Restate word for word the entries below, starting with the line with "move=> haarI; rewrite" and continuing through the line with "c) (x1, x2) (y1, y2) *". Include both of those lines and no others.
** Task inputs follows **
(* Let $\mathcal{H}_A\cong\mathbb{C}^{d_A}$, $\mathcal{H}_B\cong\mathbb{C}^{d_B}$ with $d_A,d_B\ge 2$ and computational bases $\{|a\rangle\}$, $\{|b\rangle\}$. There is no operator of the form $O=\sum_{\vec a\in\mathbb{Z}_{d_A}^3,\vec b\in\mathbb{Z}_{d_B}^3}O(\vec a,\vec b)\,|\vec a\rangle\langle\vec a|\otimes|\vec b\rangle\langle\vec b|$ (with complex coefficients $O(\vec a,\vec b)$) such that $(\Phi^3_A\otimes\Phi^3_B)(O)=M_{neg}$, where $M_{neg}=\tfrac12\big(W^A_{(1,2,3)}\otimes W^B_{(1,3,2)}+W^A_{(1,3,2)}\otimes W^B_{(1,2,3)}\big)$.
   Context: For $\mathcal{H}\cong\mathbb{C}^d$, $\Phi^3(X)=\int_{\mathrm{Haar}}dU\,U^{\otimes3}XU^{\dagger\otimes3}$ is the 3-fold Haar twirl on $\mathcal{H}^{\otimes3}$; $\Phi^3_A\otimes\Phi^3_B$ is independent twirling of the $A$ and $B$ parts of $(\mathcal{H}_A\otimes\mathcal{H}_B)^{\otimes3}\cong\mathcal{H}_A^{\otimes3}\otimes\mathcal{H}_B^{\otimes3}$. $W_\pi$ ($\pi\in S_3$) is the operator permuting tensor factors, $W_{(1,2,3)}|a_1,a_2,a_3\rangle=|a_2,a_3,a_1\rangle$ and $W_{(1,3,2)}=W_{(1,2,3)}^{-1}$; superscripts indicate the system. $|\vec a\rangle=|a_1\rangle|a_2\rangle|a_3\rangle$. *)

(* The complex numbers are  R[i]  for an arbitrary  R : realType
   (every realType is a model of the real numbers, so R[i] is a model of C). *)
From HB Require Import structures.
From mathcomp Require Import all_boot all_order all_algebra spectral.
From mathcomp Require Import complex.
From mathcomp Require Import reals.

Set Implicit Arguments.
Unset Strict Implicit.
Unset Printing Implicit Defensive.

Import Order.TTheory GRing.Theory Num.Theory.
Local Open Scope ring_scope.

Section Haar.
Variable R : realType.
Local Notation C := (R[i]).

(* Polynomial functions of the matrix entries U_ij and their complex conjugates.
   These are exactly the functions that the Haar integral is applied to when
   computing a k-fold twirl. *)
Inductive polyfun (d : nat) : ('M[C]_d -> C) -> Prop :=
| pf_const (c : C) : polyfun (fun _ => c)
| pf_entry (i j : 'I_d) : polyfun (fun U => U i j)
| pf_conj (i j : 'I_d) : polyfun (fun U => (U i j)^*)
| pf_add f g : polyfun f -> polyfun g -> polyfun (fun U => f U + g U)
| pf_mul f g : polyfun f -> polyfun g -> polyfun (fun U => f U * g U).

(* "f |-> \int_Haar dU f(U)" on U(d), restricted to polynomial functions:
   a normalised, positive, linear functional, depending only on the values on
   unitary matrices, and invariant under left and right translation by unitaries.
   (The Haar integral has these properties, and they determine it uniquely on
   polynomial functions.) *)
Record haar_integral (d : nat) (I : ('M[C]_d -> C) -> C) : Prop := {
  haar_add : forall f g, polyfun f -> polyfun g ->
    I (fun U => f U + g U) = I f + I g;
  haar_scale : forall (c : C) f, polyfun f -> I (fun U => c * f U) = c * I f;
  haar_on_unitary : forall f g, polyfun f -> polyfun g ->
    (forall U : 'M[C]_d, U \is unitarymx -> f U = g U) -> I f = I g;
  haar_normalized : I (fun _ => 1) = 1;
  haar_positive : forall f, polyfun f ->
    (forall U : 'M[C]_d, U \is unitarymx -> 0 <= f U) -> 0 <= I f;
  haar_left_inv : forall (V : 'M[C]_d) f, V \is unitarymx -> polyfun f ->
    I (fun U => f (V *m U)) = I f;
  haar_right_inv : forall (V : 'M[C]_d) f, V \is unitarymx -> polyfun f ->
    I (fun U => f (U *m V)) = I f
}.

(* Computational basis of H^{\otimes 3}: |a> = |a_1>|a_2>|a_3>, a in Z_d^3. *)
Definition tri (d : nat) := {ffun 'I_3 -> 'I_d}.

(* Operators on (H_A^{\otimes 3}) \otimes (H_B^{\otimes 3}), as matrices
   indexed by the computational basis pairs (a, b). *)
Definition opAB (dA dB : nat) := (tri dA * tri dB)%type -> (tri dA * tri dB)%type -> C.

(* Matrix elements <x| U^{\otimes 3} |y> = U_{x1 y1} U_{x2 y2} U_{x3 y3}. *)
Definition tens3 (d : nat) (U : 'M[C]_d) (x y : tri d) : C :=
  \prod_(i < 3) U (x i) (y i).

(* (Phi^3_A \otimes Phi^3_B)(X)
     = \int dU \int dV (U^{(x)3} (x) V^{(x)3}) X (U^{(x)3} (x) V^{(x)3})^dagger,
   computed entrywise. *)
Definition twirlAB (dA dB : nat) (IA : ('M[C]_dA -> C) -> C)
    (IB : ('M[C]_dB -> C) -> C) (X : opAB dA dB) : opAB dA dB :=
  fun x y => IA (fun U => IB (fun V =>
    \sum_(x' : tri dA * tri dB) \sum_(y' : tri dA * tri dB)
       (tens3 U x.1 x'.1 * tens3 V x.2 x'.2) * X x' y'
       * (tens3 U y.1 y'.1 * tens3 V y.2 y'.2)^*)).

(* W_pi for pi in S_3: W_pi |y_1,y_2,y_3> = |y_{pi 1}, y_{pi 2}, y_{pi 3}>,
   i.e. <x| W_pi |y> = [x = y o pi].  With pi = ordS (0->1->2->0) this is
   W_{(1,2,3)} |a1,a2,a3> = |a2,a3,a1>, and with pi = ord_pred it is
   W_{(1,3,2)} |a1,a2,a3> = |a3,a1,a2> = W_{(1,2,3)}^{-1}. *)
Definition Wperm (d : nat) (pi : 'I_3 -> 'I_3) (x y : tri d) : C :=
  (x == [ffun i => y (pi i)])%:R.

Definition W123 (d : nat) := Wperm (d := d) (@ordS 3).
Definition W132 (d : nat) := Wperm (d := d) (@ord_pred 3).

Definition Mneg (dA dB : nat) : opAB dA dB :=
  fun x y => 2^-1 * (W123 x.1 y.1 * W132 x.2 y.2 + W132 x.1 y.1 * W123 x.2 y.2).

Definition diag_op (dA dB : nat) (c : tri dA * tri dB -> C) : opAB dA dB :=
  fun x y => if x == y then c x else 0.

End Haar.

From HB Require Import structures.
From mathcomp Require Import all_boot all_order all_algebra spectral.
From mathcomp Require Import complex.
From mathcomp Require Import reals.
From mathcomp Require Import ring.
From Stdlib Require Import FunctionalExtensionality.
Import GRing.Theory Num.Theory.
Local Open Scope ring_scope.
Set Implicit Arguments.
Unset Strict Implicit.

(* Since U^{(x)3} commutes with the permutation operators, the diagonal
   matrix elements <z|(U^{(x)3})^dagger W_pi U^{(x)3}|z> = <z|W_pi|z> are the
   same for pi = (1,2,3) and pi^-1 = (1,3,2) whenever U is unitary.  A diagonal
   operator O only sees such diagonal elements, so pairing the A factor of
   (Phi^3_A (x) Phi^3_B)(O) with W_(123) - W_(132) gives 0 for every matrix
   entry of the B factor.  For M_neg the same pairing at the B entry
   (e o (1,2,3), e), with e a non-constant triple, is
   tr(W_(132) (W_(123) - W_(132))) / 2 = (d_A^3 - d_A) / 2 <> 0.
   Only the linearity of the integrals and the fact that they depend only on
   the values at unitaries are used. *)

Section Twirl.
Variable R : realType.
Local Notation C := (R[i]).

Lemma polyfun_ext d (f g : 'M[C]_d -> C) :
  f =1 g -> polyfun f -> polyfun g.
Proof. by move=> /functional_extensionality ->. Qed.

Lemma polyfun_sum d (T : Type) (r : seq T) (F : T -> 'M[C]_d -> C) :
  (forall t, polyfun (F t)) -> polyfun (fun U => \sum_(t <- r) F t U).
Proof.
move=> pfF; elim: r => [|t r IHr].
  by apply: (polyfun_ext (f := fun _ => 0)) => [U|];
    rewrite ?big_nil //; apply: pf_const.
by apply: (polyfun_ext (f := fun U => F t U + \sum_(t <- r) F t U)) => [U|];
  rewrite ?big_cons //; apply: pf_add.
Qed.

Lemma polyfun_prod d (T : Type) (r : seq T) (F : T -> 'M[C]_d -> C) :
  (forall t, polyfun (F t)) -> polyfun (fun U => \prod_(t <- r) F t U).
Proof.
move=> pfF; elim: r => [|t r IHr].
  by apply: (polyfun_ext (f := fun _ => 1)) => [U|];
    rewrite ?big_nil //; apply: pf_const.
by apply: (polyfun_ext (f := fun U => F t U * \prod_(t <- r) F t U)) => [U|];
  rewrite ?big_cons //; apply: pf_mul.
Qed.

Lemma polyfun_tens3_conj d (x x' y y' : tri d) :
  polyfun (fun U : 'M[C]_d => tens3 U x x' * (tens3 U y y')^*).
Proof.
apply: pf_mul; first by apply: polyfun_prod => i; apply: pf_entry.
apply: (polyfun_ext (f := fun U => \prod_(i < 3) (U (y i) (y' i))^*)).
  by move=> U; rewrite /tens3 rmorph_prod.
by apply: polyfun_prod => i; apply: pf_conj.
Qed.

Section HaarLinearity.
Variables (d : nat) (I : ('M[C]_d -> C) -> C).
Hypothesis haarI : haar_integral I.

Lemma haar_const0 : I (fun _ => 0) = 0.
Proof.
by have := haar_scale haarI 0 (pf_const _ 1); rewrite mul0r => ->; rewrite mul0r.
Qed.

Lemma haar_sum (T : Type) (r : seq T) (k : T -> C) (F : T -> 'M[C]_d -> C) :
  (forall t, polyfun (F t)) ->
  I (fun U => \sum_(t <- r) k t * F t U) = \sum_(t <- r) k t * I (F t).
Proof.
have pf_scale t (f : 'M[C]_d -> C) : polyfun f -> polyfun (fun U => k t * f U).
  by move=> pf; apply: pf_mul => //; apply: pf_const.
move=> pfF; elim: r => [|t r IHr].
  rewrite big_nil -[RHS]haar_const0; congr (I _).
  by apply: functional_extensionality => U; rewrite big_nil.
rewrite big_cons -IHr -(haar_scale haarI) // -(haar_add haarI) //.
- by congr (I _); apply: functional_extensionality => U; rewrite big_cons.
- exact: pf_scale.
- by apply: polyfun_sum => t'; apply: pf_scale.
Qed.

End HaarLinearity.

Lemma twirlAB_entry dA dB (IA : ('M[C]_dA -> C) -> C) (IB : ('M[C]_dB -> C) -> C)
    (X : opAB R dA dB) x y :
  haar_integral IA -> haar_integral IB ->
  twirlAB IA IB X x y =
  \sum_x' \sum_y' X x' y' *
    (IA (fun U => tens3 U x.1 x'.1 * (tens3 U y.1 y'.1)^*) *
     IB (fun V => tens3 V x.2 x'.2 * (tens3 V y.2 y'.2)^*)).
Proof.
move=> haarA haarB; rewrite /twirlAB pair_bigA /=.
pose a (p : (tri dA * tri dB) * (tri dA * tri dB)) (U : 'M[C]_dA) :=
  tens3 U x.1 p.1.1 * (tens3 U y.1 p.2.1)^*.
pose b (p : (tri dA * tri dB) * (tri dA * tri dB)) (V : 'M[C]_dB) :=
  tens3 V x.2 p.1.2 * (tens3 V y.2 p.2.2)^*.
have inner U : IB (fun V => \sum_x' \sum_y'
      (tens3 U x.1 x'.1 * tens3 V x.2 x'.2) * X x' y'
      * (tens3 U y.1 y'.1 * tens3 V y.2 y'.2)^*) =
    \sum_p (X p.1 p.2 * IB (b p)) * a p U.
  rewrite -(eq_bigr _ (fun p _ => mulrAC _ _ _)) -haar_sum //; last first.
    by move=> p; apply: polyfun_tens3_conj.
  congr (IB _); apply: functional_extensionality => V; rewrite pair_bigA /=.
  by apply: eq_bigr => p _; rewrite /a /b rmorphM /=; ring.
rewrite (functional_extensionality _ _ inner) haar_sum //; last first.
  by move=> p; apply: polyfun_tens3_conj.
by apply: eq_bigr => p _; rewrite mulrAC -mulrA.
Qed.

Lemma sum_eq_natr_mul (T : finType) (a : T) (g : T -> C) :
  \sum_y (y == a)%:R * g y = g a.
Proof.
rewrite (bigD1 a) //= eqxx mul1r big1 ?addr0 // => y /negbTE ->.
by rewrite mul0r.
Qed.

Lemma unitarymx_col_dot d (U : 'M[C]_d) j k :
  U \is unitarymx -> \sum_a U a j * (U a k)^* = (j == k)%:R.
Proof.
rewrite -trmx_unitary => /unitarymxP/(congr1 (fun M : 'M[C]_d => M j k)).
by rewrite !mxE => <-; apply: eq_bigr => a _; rewrite !mxE.
Qed.

Lemma sum_tens3_conj_perm d (U : 'M[C]_d) (pi : 'I_3 -> 'I_3) (z : tri d) :
  U \is unitarymx -> injective pi ->
  \sum_(x : tri d) tens3 U x z * (tens3 U [ffun i => x (pi i)] z)^* =
  \prod_i (z (pi i) == z i)%:R.
Proof.
move=> unitaryU pi_inj.
have perm_inj : injective (fun x : tri d => [ffun i => x (pi i)]).
  move=> x1 x2 /ffunP eq12; apply/ffunP => j.
  by have := eq12 (invF pi_inj j); rewrite !ffunE f_invF.
transitivity (\sum_(w : tri d) \prod_i (U (w i) (z (pi i)) * (U (w i) (z i))^*)).
  rewrite [RHS](reindex_inj perm_inj); apply: eq_bigr => x _ /=.
  rewrite /tens3 rmorph_prod (reindex_inj pi_inj) -big_split /=.
  by apply: eq_bigr => i _; rewrite !ffunE.
under [RHS]eq_bigr => i _ do rewrite -(unitarymx_col_dot _ _ unitaryU).
by rewrite bigA_distr_bigA.
Qed.

Lemma Wperm_transpose_sum d (pi : 'I_3 -> 'I_3) (F : tri d -> tri d -> C) :
  \sum_x \sum_y Wperm R pi y x * F x y = \sum_x F x [ffun i => x (pi i)].
Proof. by apply: eq_bigr => x _; rewrite /Wperm sum_eq_natr_mul. Qed.

Lemma sum_Wdiff_tens3_conj d (U : 'M[C]_d) (z : tri d) :
  U \is unitarymx ->
  \sum_x \sum_y (W123 R y x - W132 R y x) * (tens3 U x z * (tens3 U y z)^*) = 0.
Proof.
move=> unitaryU.
under eq_bigr => x _ do under eq_bigr => y _ do rewrite mulrBl.
under eq_bigr => x _ do rewrite sumrB.
rewrite sumrB !Wperm_transpose_sum.
rewrite !sum_tens3_conj_perm //; [|exact: ord_pred_inj|exact: ordS_inj].
rewrite [X in _ - X](reindex_inj (@ordS_inj 3)) /=.
by apply/eqP; rewrite subr_eq0; apply/eqP/eq_bigr => i _; rewrite ordSK eq_sym.
Qed.

Lemma haar_Wdiff_moment d (I : ('M[C]_d -> C) -> C) (z : tri d) :
  haar_integral I ->
  \sum_x \sum_y (W123 R y x - W132 R y x) *
    I (fun U => tens3 U x z * (tens3 U y z)^*) = 0.
Proof.
move=> haarI; rewrite pair_bigA /= -haar_sum //; last first.
  by move=> p; apply: polyfun_tens3_conj.
rewrite -[RHS](haar_const0 haarI); apply: (haar_on_unitary haarI).
- apply: polyfun_sum => p.
  by apply: pf_mul; [apply: pf_const | apply: polyfun_tens3_conj].
- exact: pf_const.
- by move=> U unitaryU; rewrite -[RHS](sum_Wdiff_tens3_conj z unitaryU) pair_bigA.
Qed.

Lemma sum_diag_op dA dB (c : tri dA * tri dB -> C) (G : opAB R dA dB) :
  \sum_x \sum_y diag_op c x y * G x y = \sum_z c z * G z z.
Proof.
apply: eq_bigr => x _; rewrite (bigD1 x) //= /diag_op eqxx big1 ?addr0 // => y.
by rewrite eq_sym => /negbTE ->; rewrite mul0r.
Qed.

Lemma twirlAB_diag_Wdiff_pair dA dB (IA : ('M[C]_dA -> C) -> C)
    (IB : ('M[C]_dB -> C) -> C) (c : tri dA * tri dB -> C) (x2 y2 : tri dB) :
  haar_integral IA -> haar_integral IB ->
  \sum_x1 \sum_y1 twirlAB IA IB (diag_op c) (x1, x2) (y1, y2) *
    (W123 R y1 x1 - W132 R y1 x1) = 0.
Proof.
move=> haarA haarB.
under eq_bigr => x1 _ do under eq_bigr => y1 _ do
  rewrite twirlAB_entry // sum_diag_op mulr_suml.
under eq_bigr => x1 _ do rewrite exchange_big.
rewrite exchange_big big1 // => z _ /=.
transitivity (c z * IB (fun V => tens3 V x2 z.2 * (tens3 V y2 z.2)^*) *
  \sum_x1 \sum_y1 (W123 R y1 x1 - W132 R y1 x1) *
    IA (fun U => tens3 U x1 z.1 * (tens3 U y1 z.1)^*)).
  rewrite mulr_sumr; apply: eq_bigr => x1 _.
  by rewrite mulr_sumr; apply: eq_bigr => y1 _; ring.
by rewrite haar_Wdiff_moment // mulr0.
Qed.

Lemma W132_transpose d (x y : tri d) : W132 R x y = W123 R y x.
Proof.
rewrite /W132 /W123 /Wperm; congr ((nat_of_bool _)%:R); apply/idP/idP => /eqP ->.
  by apply/eqP/ffunP => i; rewrite !ffunE ordSK.
by apply/eqP/ffunP => i; rewrite !ffunE ord_predK.
Qed.

Lemma Mneg_Wdiff_pair dA dB (x2 y2 : tri dB) :
  \sum_(x1 : tri dA) \sum_(y1 : tri dA)
    Mneg R (x1, x2) (y1, y2) * (W123 R y1 x1 - W132 R y1 x1) =
  2^-1 * ((\sum_(x1 : tri dA) \sum_y1 W123 R x1 y1 * (W123 R y1 x1 - W132 R y1 x1))
            * W132 R x2 y2 +
          (\sum_(x1 : tri dA) \sum_y1 W132 R x1 y1 * (W123 R y1 x1 - W132 R y1 x1))
            * W123 R x2 y2).
Proof.
rewrite !mulr_suml -big_split mulr_sumr; apply: eq_bigr => x1 _.
rewrite !mulr_suml -big_split mulr_sumr; apply: eq_bigr => y1 _.
by rewrite /Mneg /=; ring.
Qed.

Lemma sum_W132_Wdiff d :
  \sum_(x : tri d) \sum_y W132 R x y * (W123 R y x - W132 R y x) =
  \sum_(x : tri d) ([ffun i => x (ordS i)] != [ffun i => x (ord_pred i)] : nat)%:R.
Proof.
under eq_bigr => x _ do under eq_bigr => y _ do rewrite W132_transpose.
rewrite Wperm_transpose_sum; apply: eq_bigr => x _.
by rewrite /W123 /W132 /Wperm eqxx; case: eqP; rewrite ?subrr ?subr0.
Qed.

Lemma exists_tri_rot_neq d : (1 < d)%N ->
  exists e : tri d, [ffun i => e (ordS i)] != [ffun i => e (ord_pred i)].
Proof.
move=> d_gt1.
exists [ffun i : 'I_3 => if i == ord0 then Ordinal d_gt1 else Ordinal (ltnW d_gt1)].
by apply/eqP => /ffunP/(_ ord_max)/(congr1 val); rewrite !ffunE.
Qed.

Lemma sum_W132_Wdiff_neq0 d : (1 < d)%N ->
  \sum_(x : tri d) \sum_y W132 R x y * (W123 R y x - W132 R y x) != 0.
Proof.
move=> /exists_tri_rot_neq[e rot_e]; rewrite sum_W132_Wdiff.
apply/eqP => /(psumr_eq0P (fun x _ => ler0n _ _))/(_ e isT)/eqP.
by rewrite rot_e oner_eq0.
Qed.

End Twirl.

Theorem proposition2 (R : realType) (dA dB : nat) (hdA : (2 <= dA)%N) (hdB : (2 <= dB)%N)
    (IA : ('M[R[i]]_dA -> R[i]) -> R[i]) (IB : ('M[R[i]]_dB -> R[i]) -> R[i]) :
  haar_integral IA -> haar_integral IB ->
  ~ exists c : tri dA * tri dB -> R[i],
      forall x y, twirlAB IA IB (diag_op c) x y = @Mneg R dA dB x y.
Proof.
move=> haarA haarB [c twirl_eq_Mneg].
have [e rot_e] := exists_tri_rot_neq hdB.
pose f : tri dB := [ffun i => e (ordS i)].
have W123_fe : W123 R f e = 1 by rewrite /W123 /Wperm eqxx.
have W132_fe : W132 R f e = 0 by rewrite /W132 /Wperm (negbTE rot_e).
have := twirlAB_diag_Wdiff_pair c f e haarA haarB.
under eq_bigr => x1 _ do under eq_bigr => y1 _ do rewrite twirl_eq_Mneg.
rewrite Mneg_Wdiff_pair W123_fe W132_fe mulr0 add0r mulr1.
by apply/eqP; rewrite mulf_neq0 ?invr_neq0 ?pnatr_eq0 ?(sum_W132_Wdiff_neq0 R hdA).
Qed.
** End of Task inputs **
## Finished exercise
move=> haarI; rewrite pair_bigA /= -haar_sum //; last first.
  by move=> p; apply: polyfun_tens3_conj.
rewrite -[RHS](haar_const0 haarI); apply: (haar_on_unitary haarI).
- apply: polyfun_sum => p.
  by apply: pf_mul; [apply: pf_const | apply: polyfun_tens3_conj].
- exact: pf_const.
- by move=> U unitaryU; rewrite -[RHS](sum_Wdiff_tens3_conj z unitaryU) pair_bigA.
Qed.

Lemma sum_diag_op dA dB (c : tri dA * tri dB -> C) (G : opAB R dA dB) :
  \sum_x \sum_y diag_op c x y * G x y = \sum_z c z * G z z.
Proof.
apply: eq_bigr => x _; rewrite (bigD1 x) //= /diag_op eqxx big1 ?addr0 // => y.
by rewrite eq_sym => /negbTE ->; rewrite mul0r.
Qed.

Lemma twirlAB_diag_Wdiff_pair dA dB (IA : ('M[C]_dA -> C) -> C)
    (IB : ('M[C]_dB -> C) -> C) (c : tri dA * tri dB -> C) (x2 y2 : tri dB) :
  haar_integral IA -> haar_integral IB ->
  \sum_x1 \sum_y1 twirlAB IA IB (diag_op c) (x1, x2) (y1, y2) *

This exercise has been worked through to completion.